I guess by 2023 standards this sort of cavernous and occasionally technical death metal is somewhat old hat, just because the scene appears to be shifting through so many differing directions with many acts becoming extremely slimy and swampy by design. Even so, this opus is a very rewarding affair that comes built upon slower, doomier segments which at times reek of a cosmic dissonance, although there are plenty of hastier retreats into otherworldly tumult too.
One gets the impression that Tentacult is trying to do something different, where the atmosphere of this record feels cold and expansive; an ideal soundtrack then to falling into the black chasms of spasm not knowing what alien terrors are in search of flesh.
The opening 12-minute slab ‘Primordial Cult – Litany Of Relict Caverns’ features some interesting slow-motion droning and eerie chants before progressing to sturdy chugging. ‘Seismic Assault’, however, begins with an almost thrashy sizzle before the combo embarks on a grey journey of gnashing rhythms.
There is clearly something well thought out and measured about this intergalactic act of the grotesque, and the more I listen the more I feel as though I can give further credit.

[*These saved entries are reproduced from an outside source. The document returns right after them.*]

(* Let $\mathcal F$ be a compact subset of $C(\mathbf X)$ and $\gamma>0$ be such that $$L:=\limsup_{\epsilon\to0}\frac{\mathcal H_\epsilon(\mathcal F)}{(1/\epsilon)^\gamma}\in(0,\infty).$$ There exists a strategy for Predictor such that for every $F\in\mathcal F$ there is $N_0$ (depending on $F$ but not on Reality's moves) such that for all $N\ge N_0$ and all moves of Reality $$\sum_{n=1}^N(y_n-\mu_n)^2\le\sum_{n=1}^N(y_n-F(x_n))^2+CL^{\frac1{\gamma+1}}N^{\frac\gamma{\gamma+1}},$$ where $C$ is a universal constant.
   Context: Protocol: $\mathbf X$ a nonempty topological space; at each round $n$ Reality announces $x_n\in\mathbf X$, Predictor announces $\mu_n\in\mathbb R$, Reality announces $y_n\in[-1,1]$; a strategy for Predictor maps each history $(x_1,y_1,\dots,x_{n-1},y_{n-1},x_n)$ to $\mu_n$. $C(\mathbf X)$: bounded continuous real functions with supremum norm. $\mathcal H_\epsilon(A)$: $\log_2$ of the minimal number of points of $A$ forming an $\epsilon$-net for $A$ in the supremum metric. *)

From mathcomp Require Import all_boot all_order all_algebra.
From mathcomp Require Import all_classical all_reals all_analysis.
Set Implicit Arguments. Unset Strict Implicit. Unset Printing Implicit Defensive.
Import Order.TTheory GRing.Theory Num.Theory.
Import numFieldNormedType.Exports.
Local Open Scope classical_set_scope.
Local Open Scope ring_scope.

Section Defs.
Context {R : realType} {X : topologicalType}.

(* Membership of F in C(X): bounded continuous real functions. *)
Definition bounded_continuous (f : X -> R) : Prop :=
  continuous f /\ exists M : R, forall x, `|f x| <= M.

Definition sup_close (e : R) (f g : X -> R) : Prop :=
  forall x, `|f x - g x| <= e.

Definition has_net (A : set (X -> R)) (e : R) (n : nat) : Prop :=
  exists g : 'I_n -> (X -> R),
    (forall i, A (g i)) /\ forall f, A f -> exists i, sup_close e f (g i).

(* Minimal number of points of A forming an e-net for A (0 if none exists). *)
Definition net_number (A : set (X -> R)) (e : R) : nat :=
  match pselect (exists n, has_net A e n) with
  | left h => ex_minn (P := fun n => `[< has_net A e n >])
                 (let: ex_intro n hn := h in ex_intro _ n (asboolT hn))
  | right _ => 0%N
  end.

Definition metric_entropy (A : set (X -> R)) (e : R) : R :=
  ln (net_number A e)%:R / ln 2.

End Defs.

Definition limsup0 {R : realType} (g : R -> R) : \bar R :=
  ereal_inf [set ereal_sup [set (g e)%:E | e in [set e | 0 < e < d]]
            | d in [set d : R | 0 < d]].

(* Predictor strategy: history (x_1,y_1,...,x_{n-1},y_{n-1}) and x_n |-> mu_n. *)
Definition strategy (R : realType) (X : Type) := seq (X * R) -> X -> R.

Fans of the likes of Tomb Mold will no doubt dig the atmosphere of this pallid expression, but for me the band comes into its own with those slower, foreboding moments such as the gruelling entrance of ‘Obsidian Blade’ and parts of the cold yet majestic ‘Into Astral Crypt’ that stirs with avant-garden starkness.
The more this album is played the blacker and bleaker it gets as the combo at times almost promises to veer into early 90s tech-death but instead blankets the listener in a layer of otherworldly ice. Lacerating Pattern is certainly a grower and one which, strangely, I keep playing back to back with Thorn and Nothingness which pretty much sums up the glacial and galactic nature of its layers.